TASK DIRECTIONS:
Your job with the data below is to output exactly the lines from the one holding "(* The image" down to the one holding "i j| < eps) \/", both included, and no others.

LISTED RECORDS:
BEGIN

(* Let $F_2=\langle a,b\rangle$ be the free group of rank two and let $\rho:F_2\to PSL(2,\mathbb{C})$ be a homomorphism with $\rho(a)$ parabolic. Then there is a homomorphism $\tilde\rho:F_2\to PSL(2,\mathbb{C})$ with $\tilde\rho(a)=\rho(a)$, $\tilde\rho(b)$ elliptic of order two, and \[\operatorname{tr}[\rho(a),\rho(b)]-2=\operatorname{tr}[\tilde\rho(a),\tilde\rho(b)]-2 .\] If $\rho(F_2)$ is discrete, then so is $\tilde\rho(F_2)$.
   Context: $[x,y]=xyx^{-1}y^{-1}$; the trace of a commutator is well defined in $PSL(2,\mathbb{C})$. *)

From HB Require Import structures.
From mathcomp Require Import all_boot all_order all_algebra.
From mathcomp Require Import reals.
From mathcomp Require Import complex.
Set Implicit Arguments. Unset Strict Implicit. Unset Printing Implicit Defensive.
Import Order.TTheory GRing.Theory Num.Theory.
Local Open Scope ring_scope.

(* We work with C := R[i] for an arbitrary R : realType (a copy of the reals),
   and represent PSL(2,C) elements by lifts in SL(2,C) (2x2 matrices of det 1);
   a matrix M represents the class {M, -M}. *)

Section Defs.
Variable R : realType.
Local Notation C := (R[i]).

Definition SL2 (M : 'M[C]_2) : Prop := \det M = 1.

Definition psl_trivial (M : 'M[C]_2) : Prop := M = 1 \/ M = - 1.

Definition parabolic (M : 'M[C]_2) : Prop :=
  (\tr M = 2 \/ \tr M = - 2) /\ ~ psl_trivial M.

Definition elliptic (M : 'M[C]_2) : Prop :=
  \tr M \is Num.real /\ `|\tr M| < 2.

Definition order_two (M : 'M[C]_2) : Prop :=
  psl_trivial (M ^+ 2) /\ ~ psl_trivial M.

Definition comm (X Y : 'M[C]_2) : 'M[C]_2 := X * Y * X^-1 * Y^-1.

Inductive gen (A B : 'M[C]_2) : 'M[C]_2 -> Prop :=
| gen1 : gen A B 1
| genA  M : gen A B M -> gen A B (A * M)
| genAV M : gen A B M -> gen A B (A^-1 * M)
| genB  M : gen A B M -> gen A B (B * M)
| genBV M : gen A B M -> gen A B (B^-1 * M).

(* The image in PSL(2,C) of <A,B> is discrete: the identity is isolated, i.e.
   some neighbourhood of {1,-1} (entrywise distance < eps) contains no element
   of <A,B> other than +-1. *)
Definition psl_discrete (A B : 'M[C]_2) : Prop :=
  exists eps : C, 0 < eps /\
    forall M, gen A B M ->
      ((forall i j, `|M i j - (1 : 'M[C]_2) i j| < eps) \/
       (forall i j, `|M i j + (1 : 'M[C]_2) i j| < eps)) ->
      psl_trivial M.
End Defs.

END

SOLVED PROBLEM:
(* The image in PSL(2,C) of <A,B> is discrete: the identity is isolated, i.e.
   some neighbourhood of {1,-1} (entrywise distance < eps) contains no element
   of <A,B> other than +-1. *)
Definition psl_discrete (A B : 'M[C]_2) : Prop :=
  exists eps : C, 0 < eps /\
    forall M, gen A B M ->
      ((forall i j, `|M i j - (1 : 'M[C]_2) i j| < eps) \/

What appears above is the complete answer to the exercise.